Top of DATASET EXTRACT
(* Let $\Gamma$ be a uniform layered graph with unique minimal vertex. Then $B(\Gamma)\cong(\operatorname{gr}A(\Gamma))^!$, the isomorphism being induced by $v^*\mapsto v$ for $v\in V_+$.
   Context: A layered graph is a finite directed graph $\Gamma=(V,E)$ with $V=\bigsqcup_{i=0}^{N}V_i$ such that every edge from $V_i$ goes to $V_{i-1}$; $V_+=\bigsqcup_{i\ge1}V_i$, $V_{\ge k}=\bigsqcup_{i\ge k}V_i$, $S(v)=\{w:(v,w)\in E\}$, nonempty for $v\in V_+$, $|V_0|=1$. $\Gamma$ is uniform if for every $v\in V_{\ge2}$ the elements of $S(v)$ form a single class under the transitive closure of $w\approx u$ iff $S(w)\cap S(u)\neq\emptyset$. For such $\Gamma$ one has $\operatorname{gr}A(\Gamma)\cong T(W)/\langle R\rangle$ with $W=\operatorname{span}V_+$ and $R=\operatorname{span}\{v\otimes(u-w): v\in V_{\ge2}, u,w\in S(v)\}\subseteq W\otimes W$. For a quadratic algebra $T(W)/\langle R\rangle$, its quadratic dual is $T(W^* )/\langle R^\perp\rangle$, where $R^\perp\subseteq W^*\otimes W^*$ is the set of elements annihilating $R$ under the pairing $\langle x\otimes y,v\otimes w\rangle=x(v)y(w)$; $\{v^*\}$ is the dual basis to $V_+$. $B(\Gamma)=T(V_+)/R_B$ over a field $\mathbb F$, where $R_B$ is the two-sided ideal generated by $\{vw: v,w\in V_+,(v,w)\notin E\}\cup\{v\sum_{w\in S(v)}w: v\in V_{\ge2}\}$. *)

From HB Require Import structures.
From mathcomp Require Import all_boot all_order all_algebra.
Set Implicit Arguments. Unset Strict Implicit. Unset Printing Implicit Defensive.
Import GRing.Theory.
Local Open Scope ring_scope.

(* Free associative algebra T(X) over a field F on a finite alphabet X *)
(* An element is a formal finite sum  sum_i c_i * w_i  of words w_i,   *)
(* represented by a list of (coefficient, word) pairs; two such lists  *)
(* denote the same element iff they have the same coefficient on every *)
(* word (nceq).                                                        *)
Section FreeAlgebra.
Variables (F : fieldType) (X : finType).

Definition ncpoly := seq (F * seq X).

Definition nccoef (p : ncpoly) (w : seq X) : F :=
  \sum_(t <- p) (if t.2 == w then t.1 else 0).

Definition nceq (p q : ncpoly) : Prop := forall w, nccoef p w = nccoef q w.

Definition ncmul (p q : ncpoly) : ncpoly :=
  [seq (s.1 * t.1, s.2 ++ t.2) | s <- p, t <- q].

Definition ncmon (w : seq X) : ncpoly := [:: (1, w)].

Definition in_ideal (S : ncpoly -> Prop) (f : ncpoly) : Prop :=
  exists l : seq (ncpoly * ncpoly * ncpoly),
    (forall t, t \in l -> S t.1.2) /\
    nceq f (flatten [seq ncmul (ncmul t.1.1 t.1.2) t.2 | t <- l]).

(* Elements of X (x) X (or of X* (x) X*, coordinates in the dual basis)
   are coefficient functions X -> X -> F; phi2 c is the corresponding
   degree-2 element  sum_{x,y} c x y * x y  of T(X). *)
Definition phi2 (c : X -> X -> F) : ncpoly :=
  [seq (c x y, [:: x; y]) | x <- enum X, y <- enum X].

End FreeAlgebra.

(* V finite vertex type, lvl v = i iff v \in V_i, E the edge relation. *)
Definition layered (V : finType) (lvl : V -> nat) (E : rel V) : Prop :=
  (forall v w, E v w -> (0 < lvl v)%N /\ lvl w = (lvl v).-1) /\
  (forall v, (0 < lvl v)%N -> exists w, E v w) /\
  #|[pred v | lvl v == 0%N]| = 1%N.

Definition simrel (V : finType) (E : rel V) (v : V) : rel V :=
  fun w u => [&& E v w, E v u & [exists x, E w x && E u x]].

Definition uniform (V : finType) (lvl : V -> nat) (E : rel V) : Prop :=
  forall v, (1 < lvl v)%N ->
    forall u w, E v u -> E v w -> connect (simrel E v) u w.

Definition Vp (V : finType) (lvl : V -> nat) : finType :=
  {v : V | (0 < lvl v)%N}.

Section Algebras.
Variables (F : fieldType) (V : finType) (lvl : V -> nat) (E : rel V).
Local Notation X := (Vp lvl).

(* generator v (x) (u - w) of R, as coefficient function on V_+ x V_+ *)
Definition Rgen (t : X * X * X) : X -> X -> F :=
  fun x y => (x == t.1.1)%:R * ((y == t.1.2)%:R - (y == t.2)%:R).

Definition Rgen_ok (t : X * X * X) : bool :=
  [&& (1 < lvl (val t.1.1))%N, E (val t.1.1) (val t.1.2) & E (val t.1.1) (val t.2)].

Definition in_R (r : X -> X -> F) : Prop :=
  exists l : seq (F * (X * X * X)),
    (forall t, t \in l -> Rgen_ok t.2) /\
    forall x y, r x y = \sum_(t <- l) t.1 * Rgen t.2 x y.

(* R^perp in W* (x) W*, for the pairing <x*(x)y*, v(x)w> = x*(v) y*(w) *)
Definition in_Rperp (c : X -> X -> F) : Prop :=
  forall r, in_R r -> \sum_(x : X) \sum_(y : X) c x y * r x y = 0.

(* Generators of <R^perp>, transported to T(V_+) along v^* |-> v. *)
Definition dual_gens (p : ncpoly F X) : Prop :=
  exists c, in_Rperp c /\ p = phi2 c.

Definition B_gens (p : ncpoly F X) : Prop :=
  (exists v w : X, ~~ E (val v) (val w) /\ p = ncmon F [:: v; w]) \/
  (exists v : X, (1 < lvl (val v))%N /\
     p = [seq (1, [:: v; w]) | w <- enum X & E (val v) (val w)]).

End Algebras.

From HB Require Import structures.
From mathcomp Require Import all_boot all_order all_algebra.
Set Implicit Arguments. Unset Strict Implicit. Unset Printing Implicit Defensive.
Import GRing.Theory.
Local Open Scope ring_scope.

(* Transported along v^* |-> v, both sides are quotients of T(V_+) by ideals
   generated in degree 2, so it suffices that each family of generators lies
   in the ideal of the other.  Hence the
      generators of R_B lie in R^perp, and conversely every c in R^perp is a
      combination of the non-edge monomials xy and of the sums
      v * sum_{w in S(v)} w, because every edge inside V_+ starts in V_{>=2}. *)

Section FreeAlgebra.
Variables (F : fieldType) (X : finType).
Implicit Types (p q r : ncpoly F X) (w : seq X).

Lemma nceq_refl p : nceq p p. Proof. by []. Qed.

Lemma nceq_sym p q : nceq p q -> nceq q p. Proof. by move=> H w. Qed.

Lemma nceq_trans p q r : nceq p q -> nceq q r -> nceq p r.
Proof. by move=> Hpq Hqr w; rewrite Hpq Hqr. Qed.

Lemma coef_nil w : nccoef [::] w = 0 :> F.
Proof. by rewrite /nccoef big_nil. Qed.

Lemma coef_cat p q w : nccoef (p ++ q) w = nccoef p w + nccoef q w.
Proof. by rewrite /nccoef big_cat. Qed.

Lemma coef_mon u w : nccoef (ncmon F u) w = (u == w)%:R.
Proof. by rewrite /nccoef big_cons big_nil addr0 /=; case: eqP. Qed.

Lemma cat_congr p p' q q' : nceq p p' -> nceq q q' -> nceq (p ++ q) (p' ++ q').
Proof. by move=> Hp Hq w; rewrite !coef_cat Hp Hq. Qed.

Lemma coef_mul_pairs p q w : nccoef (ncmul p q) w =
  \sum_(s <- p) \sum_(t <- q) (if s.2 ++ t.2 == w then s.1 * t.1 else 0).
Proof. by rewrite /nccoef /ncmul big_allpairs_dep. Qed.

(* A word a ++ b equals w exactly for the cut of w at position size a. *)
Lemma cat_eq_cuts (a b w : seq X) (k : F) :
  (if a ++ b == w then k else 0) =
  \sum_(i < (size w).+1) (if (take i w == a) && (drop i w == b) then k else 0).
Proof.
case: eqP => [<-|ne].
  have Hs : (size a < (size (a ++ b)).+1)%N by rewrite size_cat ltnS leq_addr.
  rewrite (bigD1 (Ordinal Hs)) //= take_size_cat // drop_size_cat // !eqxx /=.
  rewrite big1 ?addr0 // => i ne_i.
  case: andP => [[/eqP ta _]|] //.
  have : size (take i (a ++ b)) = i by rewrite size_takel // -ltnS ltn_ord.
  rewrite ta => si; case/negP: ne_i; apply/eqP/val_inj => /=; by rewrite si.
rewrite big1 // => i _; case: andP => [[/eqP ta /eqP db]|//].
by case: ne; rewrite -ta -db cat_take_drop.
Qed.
Bottom of DATASET EXTRACT
*EXERCISE BRIEF*.
Within the data above, the lines from the one with "forall u w, E" to the one with "(* Generators of" must be repeated exactly; no other line belongs in the answer.

*EXERCISE OUTPUT*.
    forall u w, E v u -> E v w -> connect (simrel E v) u w.

Definition Vp (V : finType) (lvl : V -> nat) : finType :=
  {v : V | (0 < lvl v)%N}.

Section Algebras.
Variables (F : fieldType) (V : finType) (lvl : V -> nat) (E : rel V).
Local Notation X := (Vp lvl).

(* generator v (x) (u - w) of R, as coefficient function on V_+ x V_+ *)
Definition Rgen (t : X * X * X) : X -> X -> F :=
  fun x y => (x == t.1.1)%:R * ((y == t.1.2)%:R - (y == t.2)%:R).

Definition Rgen_ok (t : X * X * X) : bool :=
  [&& (1 < lvl (val t.1.1))%N, E (val t.1.1) (val t.1.2) & E (val t.1.1) (val t.2)].

Definition in_R (r : X -> X -> F) : Prop :=
  exists l : seq (F * (X * X * X)),
    (forall t, t \in l -> Rgen_ok t.2) /\
    forall x y, r x y = \sum_(t <- l) t.1 * Rgen t.2 x y.

(* R^perp in W* (x) W*, for the pairing <x*(x)y*, v(x)w> = x*(v) y*(w) *)
Definition in_Rperp (c : X -> X -> F) : Prop :=
  forall r, in_R r -> \sum_(x : X) \sum_(y : X) c x y * r x y = 0.

(* Generators of <R^perp>, transported to T(V_+) along v^* |-> v. *)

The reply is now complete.